Bill are you shure the afx bodies are actually styrene? I agree to Tjet bodies being polystyrene but afx I tent to believe in abs or the like cause it doesn't react to normal polystyrene cement. Have the same problem with the lower halfes of Faller truckbodies. Where as the cabin lents itself easily to being glue by styrene cement the bottom with the always broken off fenders can only be fixed with super glue or 2k stuff. Same goes for the Tyrrell, no use with styrene cement. 

Btw: As what is Testors 3502 sold: thinner or cement?

Mario


----------



## Bill Hall (Jan 6, 2007)

You'll have to forgive me, I use the term Styrene loosely. 

Well, one would assume by the AFX era, Aurora had changed the formulation to cut costs and improve the durability of their products. Notably the newer "light weight bodies" they toughted. Over the period of a decade they would have certainly taken advantage of any advancements in materials.Obviously with some success, as we dont see as many chalky, brittle, exploding AFX models. 

3502 says cement on the bottle, but its just a solvent blend plastic welder to my mind. I use it both as plastic welder and thinner

Not sure about Faller. Some of the early material reacts like old T-jet plastic. The later offerings DO NOT. So I typically avoid Faller as a general rule.
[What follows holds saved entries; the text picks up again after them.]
(* Let $V\subseteq\mathcal V$ be finite, $\mathcal E,\mathcal F\in\mathit{DProg}(V)$, and $V'\subseteq\mathcal V$ with $|V'|=|V|$ and $V\cap V'=\emptyset$. Then (1) $\mathcal E\le_T^e\mathcal F$ iff $\mathcal F\models_{tot}(\mathcal E^\dagger(\Omega_{V,V'}),\Omega_{V,V'})$; (2) $\mathcal E\le_P^e\mathcal F$ iff $\mathcal F\models_{par}(I-\mathcal E^\dagger(\Omega_{V,V'}),\,I-\Omega_{V,V'})$.
   Context: $\mathcal V$ is a countably infinite set of qubit variables; $\mathcal H_V=\bigotimes_{q\in V}\mathcal H_q$ for finite $V$. $\mathcal D(\mathcal H)$: partial density operators; $\mathcal P(\mathcal H)$: effects; $\mathit{DProg}(V)$: completely positive trace-nonincreasing super-operators on $\mathcal L(\mathcal H_V)$. $\mathcal E^\dagger$ is the adjoint of $\mathcal E$: ${\rm tr}(\mathcal E(A)B)={\rm tr}(A\mathcal E^\dagger(B))$ for all $A,B$. Operators/super-operators on subsystems are implicitly extended by tensoring with identities. With $d=2^{|V|}$ and orthonormal bases $\{|i\rangle_V\}$, $\{|i\rangle_{V'}\}$, $\Omega_{V,V'}=|\omega\rangle\langle\omega|$ where $|\omega\rangle=\frac1{\sqrt d}\sum_{i=0}^{d-1}|i\rangle_V|i\rangle_{V'}$, and $I$ is the identity on $\mathcal H_V\otimes\mathcal H_{V'}$. (In the paper's notation, $\mathcal E^\dagger(N)=wp.\mathcal E.N$ and $I-\mathcal E^\dagger(I-N)=wlp.\mathcal E.N$, so the specification in (2) is $(wlp.\mathcal E.(I-\Omega),I-\Omega)$.) For finite $W$ and $M,N\in\mathcal P(\mathcal H_W)$, $\mathcal E\models_{tot}(M,N)$ iff for all finite $X\supseteq V\cup W$ and $\rho\in\mathcal D(\mathcal H_X)$, ${\rm tr}(M\rho)\le{\rm tr}(N\mathcal E(\rho))$; $\mathcal E\models_{par}(M,N)$ iff for all such $X,\rho$, ${\rm tr}(M\rho)\le{\rm tr}(N\mathcal E(\rho))+{\rm tr}(\rho)-{\rm tr}(\mathcal E(\rho))$. $\mathcal E\le_T^e\mathcal F$ (resp. $\le_P^e$) iff for every finite $W$ and $M,N\in\mathcal P(\mathcal H_W)$, $\mathcal E\models_{tot}(M,N)\Rightarrow\mathcal F\models_{tot}(M,N)$ (resp. with $\models_{par}$). *)

From HB Require Import structures.
From mathcomp Require Import all_boot all_order all_algebra finmap.
From mathcomp Require Import complex.
From mathcomp Require Import Rstruct.
Set Implicit Arguments.
Unset Strict Implicit.
Unset Printing Implicit Defensive.
Import Order.TTheory GRing.Theory Num.Theory.
Local Open Scope ring_scope.
(* The point at fraction t is unique (the CAT(0) inequality at a realising
   point z' forces d(z, z') = 0), so it always satisfies that inequality. *)
Lemma between_cn (P Q : Y) (t : R) (z : Y) : 0 <= t <= 1 ->
  between Y d P Q t z -> cn_inequality Y d P Q t z.
Proof.
  intros Ht Hb.
  destruct (geodesic_point P Q t Ht) as [z' [_ HC']].
  assert (z' = z).
  { apply (d_eq0 Y d Hm).
    specialize (HC' z). destruct Hb as [B1 B2].
    rewrite (d_sym Y d Hm z P), B1, B2 in HC'.
    pose proof (d_nonneg Y d Hm z z').
    assert (d z z' ^ 2 <= 0) by (eapply Rle_trans; [exact HC'|]; right; ring).
    rewrite (d_sym Y d Hm z' z). nra. }
  subst. exact HC'.
Qed.

Lemma between_rev (P Q : Y) (t : R) (z : Y) :
  between Y d P Q t z -> between Y d Q P (1 - t) z.
Proof.
  intros [B1 B2]. unfold between.
  rewrite (d_sym Y d Hm Q z), (d_sym Y d Hm Q P), B2, (d_sym Y d Hm z P), B1.
  split; ring.
Qed.

Lemma between_common_start (a x y m n : Y) (t : R) : 0 <= t <= 1 ->
  between Y d a x t m -> between Y d a y t n -> d m n <= t * d x y.
Proof.
  intros Ht Hmid Hn.
  pose proof (between_cn a x t m Ht Hmid n) as C1.
  pose proof (between_cn a y t n Ht Hn x) as C2.
  destruct Hn as [N1 _].
  rewrite (d_sym Y d Hm n a), N1, (d_sym Y d Hm n x) in C1.
  rewrite (d_sym Y d Hm x a) in C2.
  assert (Hsq : (d n m)^2 <= (t * d x y)^2).
  { assert (t * d x n ^ 2 <= t * ((1 - t) * d a x ^ 2 + t * d x y ^ 2 - t * (1 - t) * d a y ^ 2))
      by (apply Rmult_le_compat_l; lra).
    eapply Rle_trans; [exact C1|]. nra. }
  pose proof (d_nonneg Y d Hm n m). pose proof (d_nonneg Y d Hm x y).
  rewrite (d_sym Y d Hm m n). apply Rsqr_incr_0_var; unfold Rsqr; nra.
Qed.

Lemma geodesic_cut (p t : Y) (a b : R) : 0 <= a -> 0 <= b -> d p t <= a + b ->
  exists p1, d p p1 <= a /\ d p1 t <= b.
Proof.
  intros Ha Hb Hd.
  destruct (Rle_dec (d p t) a) as [Hle|Hgt].
  { exists t. rewrite (d_refl Y d Hm). split; auto. }
  assert (Hpt : 0 < d p t) by lra.
  destruct (between_exists p t (a / d p t)) as [p1 [B1 B2]].
  { split.
    - apply Rmult_le_pos; [lra | apply Rlt_le, Rinv_0_lt_compat; lra].
    - apply (Rmult_le_reg_r (d p t)); auto. unfold Rdiv.
      rewrite Rmult_assoc, Rinv_l by lra. lra. }
  exists p1. rewrite B1, B2. unfold Rdiv. split.
  - rewrite Rmult_assoc, Rinv_l by lra. lra.
  - rewrite Rmult_minus_distr_r, Rmult_assoc, Rinv_l by lra. lra.
Qed.

Lemma between_convex (P Q P' Q' z z' : Y) (t : R) : 0 <= t <= 1 ->
  between Y d P Q t z -> between Y d P' Q' t z' ->
  d z z' <= (1 - t) * d P P' + t * d Q Q'.
Proof.
  intros Ht Hz Hz'.
  destruct (between_exists P Q' t Ht) as [w Hw].
  pose proof (between_common_start P Q Q' z w t Ht Hz Hw).
  assert (Ht' : 0 <= 1 - t <= 1) by lra.
  pose proof (between_common_start Q' P P' w z' (1 - t) Ht'
                (between_rev _ _ _ _ Hw) (between_rev _ _ _ _ Hz')).
  pose proof (d_tri Y d Hm z w z'). lra.
Qed.

End Hadamard.
(* Let $N\ge 1$ be an integer, let $\Gamma$ be the principled parametric grammar $\Gamma^{(N)}$ defined below, and let $w$ be the string defined below. If $P,Q$ are positive integers with $P\le Q$ and $PQ=N$, then $w\in L(\Gamma_{s_P})$.
   Context: Let $a=\lceil\log_2\sqrt N\rceil$ and $b=\lceil\log_2 N\rceil$. The grammar $\Gamma^{(N)}$ has nonterminals $\mathtt S$, $A_0,\dots,A_a$, $B_0,\dots,B_a$, $C_0,\dots,C_{b+1}$, $Z_0,\dots,Z_b$, terminals $c_0,\dots,c_b$, and start symbol $\mathtt S$. Its rules are string-rewriting productions $\alpha\to\beta$ (possibly with more than one symbol on the left). Fixed rules (present for every parameter setting): $\mathtt S\to A_a\mathtt S$; $\mathtt S\to\varepsilon$; $B_j\to B_{j-1}B_{j-1}$ for $1\le j\le a$; $B_0\to C_0$; and for each $k\in\{0,\dots,b\}$: $C_kC_k\to C_kZ_k$, $C_kZ_k\to C_{k+1}Z_k$, $C_{k+1}Z_k\to C_{k+1}$, and $C_k\to c_k$. Parametric groups (exactly one alternative is chosen from each): $(A_0\to B_0,\ A_0\to\varepsilon)$, and for each $j\in\{1,\dots,a\}$, $(A_j\to A_{j-1},\ A_j\to B_jA_{j-1})$. A parameter setting $s$ is a choice of one alternative from each parametric group; $\Gamma_s$ is the grammar whose rules are the fixed rules together with the chosen alternatives, and $L(\Gamma_s)$ is the set of terminal strings derivable from $\mathtt S$. To $s$ associate bits $p_0,\dots,p_a$: $p_0=1$ iff $A_0\to B_0$ is chosen, and for $j\ge1$, $p_j=1$ iff $A_j\to B_jA_{j-1}$ is chosen; put $P_s=\sum_{j=0}^a p_j2^j$. Conversely, for an integer $0\le P<2^{a+1}$, $s_P$ is the setting whose bits are the binary digits of $P$. The string $w$ is $c_{i_1}c_{i_2}\cdots c_{i_r}$, where $i_1<\dots<i_r$ are the positions (counting from $0$ at the least significant digit) of the digits equal to $1$ in the binary representation of $N$. *)

From mathcomp Require Import all_boot.
Set Implicit Arguments. Unset Strict Implicit. Unset Printing Implicit Defensive.

(* Symbols of the grammar Gamma^(N): start symbol S, nonterminals A_j, B_j,
   C_k, Z_k and terminals c_k (written T k). *)
Inductive sym : Type :=
  | S : sym
  | A : nat -> sym
  | B : nat -> sym
  | C : nat -> sym
  | Z : nat -> sym
  | T : nat -> sym.

(* a = ceil(log2 sqrt N) = least a with N <= 4^a ;  b = ceil(log2 N). *)
Definition par_a (N : nat) : nat := up_log 4 N.
Definition par_b (N : nat) : nat := up_log 2 N.

(* A parameter setting is given by its bits p_0, ..., p_a:
   p_0 = true iff A_0 -> B_0 is chosen (else A_0 -> eps);
   p_j = true iff A_j -> B_j A_{j-1} is chosen (else A_j -> A_{j-1}), j >= 1. *)
Definition setting := nat -> bool.

Definition sP (P : nat) : setting := fun j => odd (P %/ 2 ^ j).

Inductive rule (N : nat) (p : setting) : seq sym -> seq sym -> Prop :=
  | r_S1 : rule N p [:: S] [:: A (par_a N); S]
  | r_S2 : rule N p [:: S] [::]
  | r_B j : 1 <= j <= par_a N -> rule N p [:: B j] [:: B j.-1; B j.-1]
  | r_B0 : rule N p [:: B 0] [:: C 0]
  | r_CC k : k <= par_b N -> rule N p [:: C k; C k] [:: C k; Z k]
  | r_CZ k : k <= par_b N -> rule N p [:: C k; Z k] [:: C k.+1; Z k]
  | r_CZ' k : k <= par_b N -> rule N p [:: C k.+1; Z k] [:: C k.+1]
  | r_Ct k : k <= par_b N -> rule N p [:: C k] [:: T k]
  | r_A0on : p 0 -> rule N p [:: A 0] [:: B 0]
  | r_A0off : ~~ p 0 -> rule N p [:: A 0] [::]
  | r_Aon j : 1 <= j <= par_a N -> p j -> rule N p [:: A j] [:: B j; A j.-1]
  | r_Aoff j : 1 <= j <= par_a N -> ~~ p j -> rule N p [:: A j] [:: A j.-1].

Definition step (N : nat) (p : setting) (x y : seq sym) : Prop :=
  exists u v l r, rule N p l r /\ x = u ++ l ++ v /\ y = u ++ r ++ v.

Inductive derives (N : nat) (p : setting) : seq sym -> seq sym -> Prop :=
  | der_refl x : derives N p x x
  | der_step x y z : step N p x y -> derives N p y z -> derives N p x z.

Definition is_terminal (N : nat) (s : sym) : bool :=
  if s is T k then k <= par_b N else false.

Definition in_lang (N : nat) (p : setting) (x : seq sym) : Prop :=
  derives N p [:: S] x /\ all (is_terminal N) x.

(* w = c_{i_1} ... c_{i_r}, i_1 < ... < i_r the positions of the 1-bits of N
   (N < 2^(b+1), so positions 0..b suffice). *)
Definition word (N : nat) : seq sym :=
  [seq T i | i <- iota 0 (par_b N).+1 & odd (N %/ 2 ^ i)].

From mathcomp Require Import all_boot.
From mathcomp Require Import zify.

(* Writing P in binary with bits p_0 .. p_a, the chosen rules
   give  B_j =>* C_0^(2^j)  and hence  A_j =>* C_0^(P mod 2^(j+1)); since
   P <= sqrt N <= 2^a, the top nonterminal A_a yields exactly C_0^P, so
   S =>* (A_a)^Q =>* C_0^(QP) = C_0^N.  The fixed C/Z rules then act as a
   binary counter: C_k C_k =>* C_(k+1), so C_k^m rewrites to the terminals
   c_(k+i) for the 1-bits i of m; applied to C_0^N this produces w. *)

Section Derivations.
Variables (N : nat) (p : setting).

Lemma derives_trans x y z :
  derives N p x y -> derives N p y z -> derives N p x z.
Proof. by elim=> [//|x0 y0 z0 Hxy _ IH] Hz; apply: der_step Hxy (IH Hz). Qed.

Lemma derives_ctx u v x y :
  derives N p x y -> derives N p (u ++ x ++ v) (u ++ y ++ v).
Proof.
elim=> [x0|x0 y0 z0 [u0 [v0 [l [r [Hr [-> ->]]]]]] _ IH]; first exact: der_refl.
apply: der_step IH; exists (u ++ u0), (v0 ++ v), l, r.
by rewrite -!catA.
Qed.

Lemma derives_cat x x' y y' :
  derives N p x x' -> derives N p y y' -> derives N p (x ++ y) (x' ++ y').
Proof.
move=> Hx Hy; apply: (@derives_trans _ (x' ++ y)).
  by have := @derives_ctx [::] y x x' Hx.
by have := @derives_ctx x' [::] y y' Hy; rewrite !cats0.
Qed.

Lemma rule_der l r : rule N p l r -> derives N p l r.
Proof.
move=> Hr; apply: der_step (der_refl _ _ _).
by exists [::], [::], l, r; rewrite !cats0.
Qed.

End Derivations.
Arguments derives_trans {N p x} y {z}.
Arguments derives_cat {N p x x' y y'}.
Arguments rule_der {N p l r}.

Lemma B_der N p j : j <= par_a N -> derives N p [:: B j] (nseq (2 ^ j) (C 0)).
Proof.
elim: j => [_|j IH Hj]; first exact/rule_der/r_B0.
apply: derives_trans (rule_der (r_B (j := j.+1) _ _)) _; first by rewrite Hj.
rewrite expnS mul2n -addnn nseqD.
by apply: (derives_cat (x := [:: B j]) (y := [:: B j])); apply: IH; lia.
Qed.

Lemma mod_double P d : P %% (2 * d) = odd (P %/ d) * d + P %% d.
Proof.
have [->|d_gt0] := posnP d; first by rewrite muln0 !modn0.
have bit_j : (odd (P %/ d) : nat) = (P %% (2 * d)) %/ d by rewrite -modn2 modn_divl.
have low : (P %% (2 * d)) %% d = P %% d by rewrite modn_dvdm // dvdn_mull.
by rewrite {1}(divn_eq (P %% (2 * d)) d) bit_j low.
Qed.

Lemma A_der N P j : j <= par_a N ->
  derives N (sP P) [:: A j] (nseq (P %% 2 ^ j.+1) (C 0)).
Proof.
elim: j => [_|j IH Hj].
  rewrite modn2; have bit0 : sP P 0 = odd P by rewrite /sP divn1.
  case HP: (odd P).
    by apply: derives_trans (rule_der (r_A0on _ _)) (rule_der (r_B0 _ _)); rewrite bit0.
  by apply/rule_der/r_A0off; rewrite bit0 HP.
have Hj' : 1 <= j.+1 <= par_a N by rewrite Hj.
have IHj : derives N (sP P) [:: A j] (nseq (P %% 2 ^ j.+1) (C 0)) by apply: IH; lia.
rewrite expnS mod_double.
case bit: (odd (P %/ 2 ^ j.+1)).
  apply: derives_trans (rule_der (r_Aon Hj' _)) _; first by rewrite /sP bit.
  by rewrite mul1n nseqD; apply: (derives_cat (x := [:: B j.+1])) IHj; apply: B_der.
apply: derives_trans (rule_der (r_Aoff Hj' _)) _; first by rewrite /sP bit.
by rewrite mul0n add0n.
Qed.

Lemma S_der N P n : P < 2 ^ (par_a N).+1 ->
  derives N (sP P) [:: S] (nseq (n * P) (C 0)).
Proof.
move=> HP; elim: n => [|n IH]; first exact/rule_der/r_S2.
apply: derives_trans (rule_der (r_S1 _ _)) _.
rewrite mulSn nseqD; apply: (derives_cat (x := [:: A (par_a N)])) IH.
by have := @A_der N P (par_a N) (leqnn _); rewrite modn_small.
Qed.

(* Carrying: C_k^(2n) =>* C_(k+1)^n, via C_k C_k => C_k Z_k => C_(k+1) Z_k => C_(k+1). *)
Lemma carry_der N p k n : k <= par_b N ->
  derives N p (nseq n.*2 (C k)) (nseq n (C k.+1)).
Proof.
move=> Hk; elim: n => [|n IH]; first exact: der_refl.
rewrite doubleS; apply: (derives_cat (x := [:: C k; C k]) (x' := [:: C k.+1])) IH.
apply: derives_trans (rule_der (r_CC _ Hk)) _.
by apply: derives_trans (rule_der (r_CZ _ Hk)) (rule_der (r_CZ' _ Hk)).
Qed.

Definition bits (k m n : nat) : seq sym :=
  [seq T (k + i) | i <- iota 0 n & odd (m %/ 2 ^ i)].

Lemma bitsS k m n :
  bits k m n.+1 = (if odd m then [:: T k] else [::]) ++ bits k.+1 (m %/ 2) n.
Proof.
have shift : [seq T (k + i) | i <- iota 1 n & odd (m %/ 2 ^ i)] = bits k.+1 (m %/ 2) n.
  rewrite /bits -[iota 1 n]/(iota (1 + 0) n) iotaDl filter_map -map_comp.
  rewrite (eq_filter (a2 := fun i => odd (m %/ 2 %/ 2 ^ i))); last first.
    by move=> i /=; rewrite expnS divnMA.
  by apply: eq_map => i; rewrite /= addnA addn1.
by rewrite /bits /= expn0 divn1; case: (odd m); rewrite /= ?addn0 shift.
Qed.

Lemma counter_der N p n : forall k m, m < 2 ^ n -> k + n <= (par_b N).+1 ->
  derives N p (nseq m (C k)) (bits k m n).
Proof.
elim: n => [|n IH] k m Hm Hkn.
  by move: Hm; rewrite expn0 ltnS leqn0 => /eqP ->; apply: der_refl.
have Hk : k <= par_b N by lia.
rewrite bitsS {1}(divn_eq m 2) modn2 muln2 addnC nseqD.
apply: derives_cat.
  by case: (odd m); [apply/rule_der/r_Ct | apply: der_refl].
apply: derives_trans (@carry_der N p k (m %/ 2) Hk) _.
by apply: IH; [rewrite ltn_divLR // -expnSr | lia].
Qed.

(* Since P * P <= N <= 4^a, the number P fits in a+1 bits. *)
Lemma small_factor_bound N P : P * P <= N -> P < 2 ^ (par_a N).+1.
Proof.
move=> HPP; have Ha : N <= 4 ^ par_a N := up_logP _ _.
have E4 : 4 ^ par_a N = 2 ^ par_a N * 2 ^ par_a N by rewrite -expnMn.
rewrite expnS; move: Ha; rewrite E4; set x := 2 ^ par_a N => Ha.
have : P <= x.
  by rewrite leqNgt; apply/negP => Hx; have := ltn_mul Hx Hx; lia.
lia.
Qed.

Lemma word_terminal N : all (is_terminal N) (word N).
Proof.
rewrite /word all_map; apply/allP => i.
by rewrite mem_filter mem_iota add0n => /andP [_ Hi] /=.
Qed.

Theorem mainTheorem5 (N P Q : nat) :
  1 <= N -> 0 < P -> 0 < Q -> P <= Q -> P * Q = N ->
  in_lang N (sP P) (word N).
Proof.
move=> _ _ _ HPQ HN; split; last exact: word_terminal.
have HP : P < 2 ^ (par_a N).+1.
  by apply: small_factor_bound; rewrite -HN leq_mul2l HPQ orbT.
have Hb : N < 2 ^ (par_b N).+1.
  by have := @up_logP 2 N isT; rewrite -/(par_b N) expnS; lia.
have -> : word N = bits 0 N (par_b N).+1 by rewrite /bits; apply: eq_map.
apply: derives_trans (@S_der N P Q HP) _.
by rewrite mulnC HN; apply: counter_der.
Qed.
My suspicion is that they added extra sawdust. :tongue:


----------



## vansmack2 (Feb 9, 2012)

Bill Hall said:


> LMAO @ SJJ!
> 
> The Elf is a notoriously tricky one. I like to use warm water to ease the stress caused by age induced plastic shrinkage on ANY unknown model. Naturally it kills the cheesy paper stickees on this model. There are other ways to warm the car up enough to sneak the body off carefully!
> 
> ...


I am surprised nobody has done a resin of these yet. If I did resin I would do a mod to fit the Tomy SG+.


----------



## foxkilo (Mar 27, 2008)

Hi Bill,

regarding Faller the real Faller ones are just ordinary polystyrene. Nicely weldable with normal glue. The only exception are the trucks there base is made of probably the same stuff as afx. Everything with magna and G+ chassis were made by Aurora for Faller and is therefore the original stuff.

IMHO Aurora changed to the new stuff as it was tuffer than the old one and with the new and much faster chassis it was certainly needed.

BTW I am experimenting with normal nitro thinner. So far it looks promising.

Mario


----------



## sethndaddy (Dec 4, 2004)

I like using the rear spoilers from the elf cars on the tjet chaparral cars. check out the Hooters car.


----------